Neoadjuvant breast cancer treatment response; tumor size evaluation through different conventional imaging modalities in the NeoDense study

Abstract

Background

Neoadjuvant chemotherapy (NACT) is offered to an increasing number of breast cancer (BC) patients, and comprehensive monitoring of treatment response is of utmost importance. Several imaging modalities are available to follow tumor response, although likely to provide different clinical information. We aimed to examine the association between early radiological response by three conventional imaging modalities and pathological complete response (pCR). Further, we investigated the agreement between these modalities pre-, during, and post-NACT, and the accuracy of predicting pathological residual tumor burden by these imaging modalities post-NACT.

Material and methods

This prospective Swedish cohort study included 202 BC patients assigned to NACT (2014–2019). Breast imaging with clinically used modalities: mammography, ultrasound, and tomosynthesis was performed pre-, during, and post-NACT. We investigated the agreement of tumor size by the different imaging modalities, and their accuracy of tumor size estimation.

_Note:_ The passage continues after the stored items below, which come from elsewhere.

(* Let $V=\bigoplus_{i=1}^n B_i$ be a near vector space over a commutative $F$ with finitely many blocks. Then each block $B_i$ (embedded as $0\oplus\cdots\oplus B_i\oplus\cdots\oplus 0$) and the quasi-kernel $Q(V)=\bigcup_{i=1}^n B_i$ are definable in $V$ by quantifier-free formulas of the language $\mathcal L_{\bar F nvs}=\{+,0,(\lambda)_{\lambda\in\bar F}\}$ (equivalently, by formulas of $\mathcal L_{Fnvs}$ that are quantifier free modulo the quantifier-free definable functions of $\bar F$).
   Context: A near vector space $(V,F)$: $(V,+)$ a group, $F$ a set of endomorphisms containing $0,1,-1$, with $F\setminus\{0\}$ a subgroup of $\mathrm{Aut}(V,+)$ acting fixed point freely ($\alpha x=\beta x\Rightarrow\alpha=\beta$ or $x=0$), such that the quasi-kernel $Q(V)=\{u:\forall\alpha,\beta\in F\,\exists\gamma\in F\ \alpha u+\beta u=\gamma u\}$ generates $V$. Commutative: $\alpha(\beta v)=\beta(\alpha v)$. The blocks of $V$ are the summands in André's decomposition of $V$ into maximal regular near vector subspaces (regular: any two nonzero quasi-kernel elements $u,v$ satisfy $u+\lambda v\in Q(V)$ for some $\lambda\neq0$), each nonzero element of $Q(V)$ lying in exactly one block. $\bar F$ is the set of formal finite sums $\alpha_1+_\cdot\cdots+_\cdot\alpha_n$ of elements of $F$ acting by $v\mapsto\alpha_1(v)+\cdots+\alpha_n(v)$. $\mathcal L_{Fnvs}=\{+,0,(\lambda)_{\lambda\in F}\}$ and $\mathcal L_{\bar Fnvs}=\{+,0,(\lambda)_{\lambda\in\bar F}\}$, with unary function symbols interpreted as the actions. *)

From Stdlib Require Import List.
Import ListNotations.
Set Implicit Arguments.

Section NVS.
Variables (V : Type) (add : V -> V -> V) (zero : V) (opp : V -> V).
Variable F : (V -> V) -> Prop.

Patients with a radiological complete response or radiological partial response (≥30% decrease in tumor diameter) during NACT were classified as radiological early responders.

Results

Patients with an early radiological response by ultrasound had 2.9 times higher chance of pCR than early radiological non-responders; the corresponding relative chance for mammography and tomosynthesis tumor size measures was 1.8 and 2.8, respectively. Post-NACT, each modality, separately, could accurately estimate tumor size (within 5 mm margin compared to pathological evaluation) in 43–46% of all tumors. The diagnostic precision in predicting pCR post-NACT was similar between the three imaging modalities; however, tomosynthesis had slightly higher specificity and positive predictive values.

Conclusion

Breast imaging modalities correctly estimated pathological tumor size in less than half of the tumors. Based on this finding, predicting residual tumor size post-NACT is challenging using conventional imaging. Patients with early radiological non-response might need improved monitoring during NACT and be considered for changed treatment plans.

Keywords:

• Breast cancer
• neoadjuvant chemotherapy
• imaging
• response evaluation

Acknowledgements

The authors thank all the study participants. The authors acknowledge the outstanding work by research nurse Lina Zander. The authors thank the technicians, administrators, and radiologists at Unilabs Malmö and Helsingborg for their cooperation.

Ethical approval

All procedures performed in studies involving human participants were in accordance with the ethical standards of the institutional and/or national research committee and with the 1964 Helsinki declaration and its later amendments or comparable ethical standards. The study was approved by the Regional Ethics Committee in Lund, Sweden (Official records number: 2014/13, 2014/521 and 2016/521).

Informed consent

Informed written consent was obtained from all participants included in the study.

Author contributions

IS contributed to the study design, made the study protocols, organized the enrollment of patients and the data/image collection, wrote the statistical plan, interpreted the data, solely drafted the manuscript (except for “Statistical analyses”), and organized the joint revision of the manuscript. DF delivered technical aid during image gathering, interpreted the data, and revised the manuscript. UH gave important input on the statistical plan, executed the statistical analyses, co-interpreted the data, co-wrote the “Statistical analyses” part of the manuscript, and substantially revised the manuscript. LR participated in data interpretation, and intellectually revised the manuscript. SZ partook in the over-all design of the study, interpreted the data, and contributed to the revision of the manuscript. SB was the foremost contributor to the initial design of the study, interpreted the data, and revised the manuscript. All authors have read and approved the final manuscript.

Disclosure statement

SZ: Speakers’ fees and travel support from Siemens Healthcare AG, and consultancy fees from Collective Minds Radiology AB. SB: Speakers’ fees from Pfizer, study-specific advisor Pfizer, and travel support from Roche. The other authors declare that they have no competing interests.

Data availability statement

The datasets used and/or analyzed during the current study are available from the corresponding author on reasonable request.

Additional information

Funding

This work was supported by grants from the Swedish Breast Cancer Group (BRO) and the Governmental Funding of Clinical Research within National Health Services.